Controllable synthesis of ultrathin vanadium oxide nanobelts via an EDTA-mediated hydrothermal process
Qin Yu-Xiang†, , Liu Cheng, Xie Wei-Wei, Cui Meng-Yang
School of Electronics and Information Engineering, Tianjin University, Tianjin 300072, China

 

† Corresponding author. E-mail: qinyuxiang@tju.edu.cn; qyxtj@126.com

Project supported by the National Natural Science Foundation of China (Grant Nos. 61274074, 61271070, and 61574100).

Abstract
Abstract

Ultrathin VO2 nanobelts with rough alignment features are prepared on the induction layer-coated substrates by an ethylenediaminetetraacetic acid (EDTA)-mediated hydrothermal process. EDTA acts as a chelating reagent and capping agent to facilitate the one-dimensional (1D) preferential growth of ultrathin VO2 nanobelts with high crystallinities and good uniformities. The annealed induction layer and concentration of EDTA are found to play crucial roles in the formation of aligned and ultrathin nanobelts. Variation in EDTA concentration can change the VO2 morphology of ultrathin nanobelts into that of thick nanoplates. Mild annealing of ultrathin VO2 nanobelts at 350 °C in air results in the formation of V2O5 nanobelts with a nearly unchanged ultrathin structure. The nucleation and growth mechanism involved in the formations of nanobelts and nanoplates are proposed. The ethanol gas sensing properties of the V2O5 nanobelt networks-based sensor are investigated in a temperature range from 100 °C to 300 °C over ethanol concentrations ranging from 3 ppm to 500 ppm. The results indicate that the V2O5 nanobelt network sensor exhibits high sensitivity, good reversibility, and fast response-recovery characteristics with an optimal working temperature of 250 °C.

1. Introduction

Assembling low-dimensional nanomaterials have attracted increasing interest due to their large specific surface areas and dimensions comparable to the Debye length,[1,2] and have various applications in nanodevices.[3,4] Vanadium oxide nanobelts with a rectangular cross section have attracted wide attention because of their versatile redox-dependent properties and potential applications in lithium batteries,[5] catalysts,[6] gas sensors,[7] and thermochromic devices.[8] As is well known, the size especially the thickness, crystallinity and alignment of nanobelts have great effects on their properties. Thus, the exploration of effective strategies on tailoring the microstructure such as the thickness and geometric arrangement of vanadium oxide nanobelts is desirable.

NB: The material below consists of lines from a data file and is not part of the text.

Lemma dist_u_step t y : 0 < t < T ->
  `|u y t - step_approx t y| <=
    \sum_(i < N) osc i * ((gridX t i <= y) && (y < gridX t i.+1))%R%:R.
Proof.
move=> tT.
have rhs_ge0 (P : pred 'I_N) :
    0 <= \sum_(i < N | P i) osc i * ((gridX t i <= y) && (y < gridX t i.+1))%R%:R.
  by apply: sumr_ge0 => i _; apply: mulr_ge0; rewrite ?normr_ge0 ?ler0n.
have X_le := gridX_le tT.
have [y_lt0|y_ge0] := ltP y (gridX t 0).
  rewrite u_outside //; last by left.
  rewrite (@step_approx_eq t y 0) ?gridv0 ?subrr ?normr0 ?(rhs_ge0 xpredT) //.
  by move=> i iN; apply/negbTE; rewrite -ltNge (lt_le_trans y_lt0) // X_le.
have [y_ltN|y_geN] := ltP y (gridX t N); last first.
  rewrite u_outside //; last by right.
  rewrite (@step_approx_eq t y N) ?gridvN ?subrr ?normr0 ?(rhs_ge0 xpredT) //.
  by move=> i iN; rewrite iN (le_trans _ y_geN) // X_le.
have [j [jN Xj_le y_lt]] := crossing_index y_ge0 y_ltN.
rewrite (@step_approx_eq t y j (ltnW jN)); last first.
  move=> i iN; case: ltnP => ij; first by rewrite (le_trans _ Xj_le) // X_le // ltnW.
  by apply/negbTE; rewrite -ltNge (lt_le_trans y_lt) // X_le.
have y_in : gridX t j <= y <= gridX t j.+1 by rewrite Xj_le ltW.
have [x x_in ->] := u_cell tT jN y_in.
rewrite (bigD1 (Ordinal jN)) //= Xj_le y_lt mulr1 (le_trans (xi_max jN x_in)) //.
by rewrite lerDl rhs_ge0.
Qed.

Lemma osc_sum_le_TV : ((\sum_(i < N) osc i)%:E <= TV u0)%E.
Proof.
(* Interleave the nodes with the maximizers: [grid 0 <= xi 0 <= grid 1 <= xi 1 <= ...]. *)
pose p j := if odd j then xi j./2 else grid j./2.
have p_nd j : (j < N.*2)%N -> p j <= p j.+1.
  move=> jN; have /xi_in : (j./2 < N)%N by rewrite ltn_half_double.
  rewrite /p /= uphalf_half; case: (odd j) => /andP[? ?] //=.
have := var_le_TV_support a_gt0 a_le_b b_lt1 u0_supp p_nd; apply: le_trans.
rewrite lee_fin (sum_ord_double (fun j => `|u0 (p j.+1) - u0 (p j)|)).
apply: ler_sum => i _; rewrite /p /= odd_double /= uphalf_half odd_double doubleK.
by rewrite /osc /gridv lerDl.
Qed.

Lemma osc_weighted_sum_le t : 0 < t < T ->
  ((\sum_(i < N) osc i * (gridX t i.+1 - gridX t i))%:E <=
    (N%:R^-1)%:E * lipX * TV u0)%E.
Proof.
move=> tT; have lipX_ge0 : (0 <= (N%:R^-1)%:E * lipX)%E.
  rewrite mule_ge0 ?lee_fin ?invr_ge0 ?ler0n // (le_trans _ (lipX_ge1 _)) //.
  by case/andP: tT => t0 tT; rewrite ltW // (lt_trans t0).
rewrite -sumEFin; apply: (@le_trans _ _ (\sum_(i < N) (osc i)%:E * ((N%:R^-1)%:E * lipX))%E).
  apply: lee_sum => i _; rewrite EFinM lee_wpmul2l ?lee_fin ?normr_ge0 //.
  exact: gridX_jump_le tT (ltn_ord i).
rewrite -ge0_sume_distrl => [|i _]; last by rewrite lee_fin normr_ge0.
by rewrite sumEFin muleC lee_wpmul2l // osc_sum_le_TV.
Qed.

Chemical routes, such as the surfactant-assisted hydrothermal process are usually used to synthesize low-dimensional nanostructures. Up to now, different vanadium oxide nanostructures, such as V2O5 nanorods, V2O5 nanowires, and VO2 nanobelts, have been reported to be synthesized via the hydrothermal method.[911] For the solution-based synthesis, organic modifiers like urea, sodium dodecylsulfate, and chelating agents have been proved to be effective in controlling the final shape of the nano- and micro-crystals, such as nanobelts,[12] sheaf-like nanostructures,[13] and nanorods.[14] They serve as “capping reagent” to break the limitation of the intrinsic growth habit and then govern the crystal growth dynamically. However, the hydrothermally synthesized low-dimensional vanadium oxide nanostructures usually show a morphology of disordering assembly.[12,1517]

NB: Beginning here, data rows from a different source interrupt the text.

(* Let $n$ be even, $1\le\kappa<n$ and $d\ge1$. Let $\mathcal{C}_1\subseteq\{0,1\}^n$ be a balanced binary code of length $n$ with minimum Hamming distance $d$ and of maximum size among such codes, and let $\mathcal{C}_2\subseteq\{0,1\}^n$ be a binary $\kappa$-WMU code of length $n$ with minimum Hamming distance $d$. Let $\mathcal{C}=\{\Psi(\mathbf{a},\mathbf{b}):\mathbf{a}\in\mathcal{C}_1,\mathbf{b}\in\mathcal{C}_2\}\subseteq\{\mathtt{A},\mathtt{T},\mathtt{C},\mathtt{G}\}^n$. Then $\mathcal{C}$ is a $\kappa$-WMU code, $\mathcal{C}$ is balanced, and the minimum Hamming distance of $\mathcal{C}$ is at least $d$.
   Context: $\Psi(\mathbf{a},\mathbf{b})=(c_1,\dots,c_n)$ with $c_i=\mathtt{A},\mathtt{T},\mathtt{C},\mathtt{G}$ according as $(a_i,b_i)=(0,0),(0,1),(1,0),(1,1)$. A binary sequence of length $n$ is balanced if exactly $n/2$ entries are $1$; a DNA sequence of length $n$ is balanced if exactly $n/2$ entries lie in $\{\mathtt{G},\mathtt{C}\}$; a code is balanced if every codeword is. A code $\mathcal{C}$ of length $n$ is $\kappa$-WMU if for all not necessarily distinct $\mathbf{a},\mathbf{b}\in\mathcal{C}$ and all $\kappa\le l<n$, $(a_1,\dots,a_l)\ne(b_{n-l+1},\dots,b_n)$. *)

From HB Require Import structures.
From mathcomp Require Import all_boot.
Set Implicit Arguments. Unset Strict Implicit. Unset Printing Implicit Defensive.

Inductive nt := A | T | C | G.

Definition nt_to (x : nt) : bool * bool :=
  match x with A => (false, false) | T => (false, true)
             | C => (true, false) | G => (true, true) end.
Definition nt_of (p : bool * bool) : nt :=
  match p with (false, false) => A | (false, true) => T
             | (true, false) => C | (true, true) => G end.
Lemma nt_toK : cancel nt_to nt_of. Proof. by case. Qed.
HB.instance Definition _ := Finite.copy nt (can_type nt_toK).

Definition psi1 (a b : bool) : nt :=
  match a, b with false, false => A | false, true => T
                | true, false => C | true, true => G end.
Definition Psi n (a b : n.-tuple bool) : n.-tuple nt :=
  [tuple psi1 (tnth a i) (tnth b i) | i < n].

Definition hamming (X : eqType) n (x y : n.-tuple X) : nat :=
  count (fun p => p.1 != p.2) (zip x y).

Definition min_dist_ge (X : finType) n (Cd : {set n.-tuple X}) (d : nat) : Prop :=
  forall x y, x \in Cd -> y \in Cd -> x != y -> d <= hamming x y.

Definition bin_balanced n (x : n.-tuple bool) : bool := count id x == n %/ 2.
Definition bin_balanced_code n (Cd : {set n.-tuple bool}) : Prop :=
  forall x, x \in Cd -> bin_balanced x.

Definition dna_balanced n (x : n.-tuple nt) : bool :=
  count (fun c => (c == G) || (c == C)) x == n %/ 2.
Definition dna_balanced_code n (Cd : {set n.-tuple nt}) : Prop :=
  forall x, x \in Cd -> dna_balanced x.

Definition WMU (X : finType) n (kappa : nat) (Cd : {set n.-tuple X}) : Prop :=
  forall a b, a \in Cd -> b \in Cd -> forall l, kappa <= l < n ->
    take l a != drop (n - l) b.

(** Reading off the first (resp. second) bit of each letter of [Psi a b]
    recovers [a] (resp. [b]).  So the GC-content of [Psi a b] is the weight of
    [a]; an overlap between two words of the product code projects to an
    overlap between their second components in [C2]; and two distinct
    codewords differ in one of their components, whose Hamming distance is at
    most that of the codewords since projecting letters cannot create
    mismatches. *)

From HB Require Import structures.
From mathcomp Require Import all_boot.
Set Implicit Arguments. Unset Strict Implicit. Unset Printing Implicit Defensive.

Definition nt_fst (c : nt) : bool := (nt_to c).1.
Definition nt_snd (c : nt) : bool := (nt_to c).2.

Lemma Psi_fst n (a b : n.-tuple bool) : map_tuple nt_fst (Psi a b) = a.
Proof.
apply: eq_from_tnth => i; rewrite tnth_map tnth_mktuple.
by case: (tnth a i); case: (tnth b i).
Qed.

Lemma Psi_snd n (a b : n.-tuple bool) : map_tuple nt_snd (Psi a b) = b.
Proof.
apply: eq_from_tnth => i; rewrite tnth_map tnth_mktuple.
by case: (tnth a i); case: (tnth b i).
Qed.

Lemma hamming_map_tuple (X Y : eqType) (f : X -> Y) n (x y : n.-tuple X) :
  hamming (map_tuple f x) (map_tuple f y) <= hamming x y.
Proof.
rewrite /hamming /=; elim: (val x) (val y) => [|u s IHs] [|v t] //=.
apply: leq_add; last exact: IHs.
by case: (eqVneq u v) => [->|]; rewrite ?eqxx // leq_b1.
Qed.

Lemma WMU_pullback (X Y : finType) (f : X -> Y) n kappa
    (Cd : {set n.-tuple X}) (C' : {set n.-tuple Y}) :
  {in Cd, forall x, map_tuple f x \in C'} -> WMU kappa C' -> WMU kappa Cd.
Proof.
move=> fCd wC' x y xCd yCd l hl; apply: contra (wC' _ _ (fCd x xCd) (fCd y yCd) l hl).
by move/eqP=> overlap; rewrite /= -map_take -map_drop overlap.
Qed.

Section ProductCode.

Variables (n : nat) (C1 C2 : {set n.-tuple bool}).

Let Cd := [set Psi a b | a in C1, b in C2].

Lemma WMU_Psi kappa : WMU kappa C2 -> WMU kappa Cd.
Proof.
apply: (WMU_pullback (f := nt_snd)) => _ /imset2P [a b _ bC2 ->].
by rewrite Psi_snd.
Qed.

Lemma dna_balanced_Psi (a b : n.-tuple bool) :
  dna_balanced (Psi a b) = bin_balanced a.
Proof.
rewrite /dna_balanced /bin_balanced -[in RHS](Psi_fst a b).
by rewrite (count_map nt_fst id (Psi a b)); congr (_ == _); apply: eq_count => -[].
Qed.

Lemma dna_balanced_code_Psi :
  bin_balanced_code C1 -> dna_balanced_code Cd.
Proof.
by move=> bal1 _ /imset2P [a b aC1 _ ->]; rewrite dna_balanced_Psi bal1.
Qed.

Lemma min_dist_ge_Psi d :
  min_dist_ge C1 d -> min_dist_ge C2 d -> min_dist_ge Cd d.
Proof.
move=> md1 md2 _ _ /imset2P [a b aC1 bC2 ->] /imset2P [a' b' aC1' bC2' ->].
have [<- neq | neq_a _] := eqVneq a a'.
- have neq_b : b != b' by apply: contraNneq neq => ->.
  apply: leq_trans (md2 _ _ bC2 bC2' neq_b) _.
  by have := hamming_map_tuple nt_snd (Psi a b) (Psi a b'); rewrite !Psi_snd.
- apply: leq_trans (md1 _ _ aC1 aC1' neq_a) _.
  by have := hamming_map_tuple nt_fst (Psi a b) (Psi a' b'); rewrite !Psi_fst.
Qed.

End ProductCode.

Theorem lemma6 (n kappa d : nat) (C1 C2 : {set n.-tuple bool}) :
  ~~ odd n -> 1 <= kappa < n -> 1 <= d ->
  bin_balanced_code C1 -> min_dist_ge C1 d ->
  (forall C' : {set n.-tuple bool},
      bin_balanced_code C' -> min_dist_ge C' d -> #|C'| <= #|C1|) ->
  WMU kappa C2 -> min_dist_ge C2 d ->
  let Cd := [set Psi a b | a in C1, b in C2] in
  [/\ WMU kappa Cd, dna_balanced_code Cd & min_dist_ge Cd d].
Proof.
move=> _ _ _ bal1 md1 _ wmu2 md2 Cd; split.
- exact: WMU_Psi.
- exact: dna_balanced_code_Psi.
- exact: min_dist_ge_Psi.
Qed.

In the present work, with the further consideration of the necessity of ordering arrangement for one-dimensional (1D) nanobelts, we develop a two-step process, i.e., inductive nucleation followed by EDTA-mediated hydrothermal growth, to realize aligned assembly of ultrathin VO2 nanobelts on a substrate. The induction layer performed on the substrate provides initial nucleation sites, and the EDTA serves as chelating and capping agent to modify the growth dynamics of vanadium oxide along different directions. The in-situ formation mechanism of VO2 nanobelts involving the effect of EDTA concentration is proposed. Furthermore, ultrathin V2O5 nanobelts are prepared via a mild annealing of ultrathin VO2 nanobelts at 350 °C in air. To the best of our knowledge, a similar research on EDTA-mediated growth of aligned ultrathin VOx nanobelts has not been reported. The as-synthesized nanobelts with ultrathin structures and certain alignments will have significant applications in nanodevices. Especially, V2O5 is known as a promising gas-sensing material for gas sensor application due to its attractive sensing performances to various gases. Thus, to demonstrate the potential applications of the as-prepared ultrathin vanadium oxide nanobelts, the gas-sensing properties of V2O5 nanobelt networks to ethanol are further evaluated and analyzed.

2. Experiment

To prepare VO2 nanobelts, a two-step process was performed. In the first step, an induction layer was prepared on a cleaned alumina substrate by spin-coating 0.05-M NH4VO3 solution with a pH value of 2.1–2.5 followed by thermal annealing at 600 °C in air for 2 h. The spin coating was repeated four times to ensure a uniform distribution and adequate coverage of the induction particles on the substrate after annealing. Prior to spin-coating of the NH4VO3 solution, a pair of interdigitated Pt electrodes each with a thickness of 100 nm was deposited on the cleaned alumina using the magnetic sputtering method. In the following step, the induction particles-coated substrate was submerged in a mixture solution of NH4VO3 and EDTA, which was sealed in a 100-ml Teflon-lined stainless autoclave. The molar ratio of NH4VO3 to EDTA was 6 and the pH value of the solution was about 2.5. Then the hydrothermal reaction proceeded at 180 °C for 12 h. After the autoclave was cooled to room temperature naturally, the alumina substrate coated with VO2 nanobelts was taken out and rinsed, and then dried at 80 °C for 6 h in a vacuum. To further prepare the V2O5 nanobelts, the above VO2 nanobelts were heated at 350 °C in air for 1 h, and then cooled naturally. The samples were characterized with a field emission scanning electron microscope (FESEM, Hitachi S4800), x-ray diffraction (XRD, RIGAKU D/MAX 2500V/PC, Cu Kα radiation), and field emission transmission electron microscopy (FETEM, TECNAI G2F-20).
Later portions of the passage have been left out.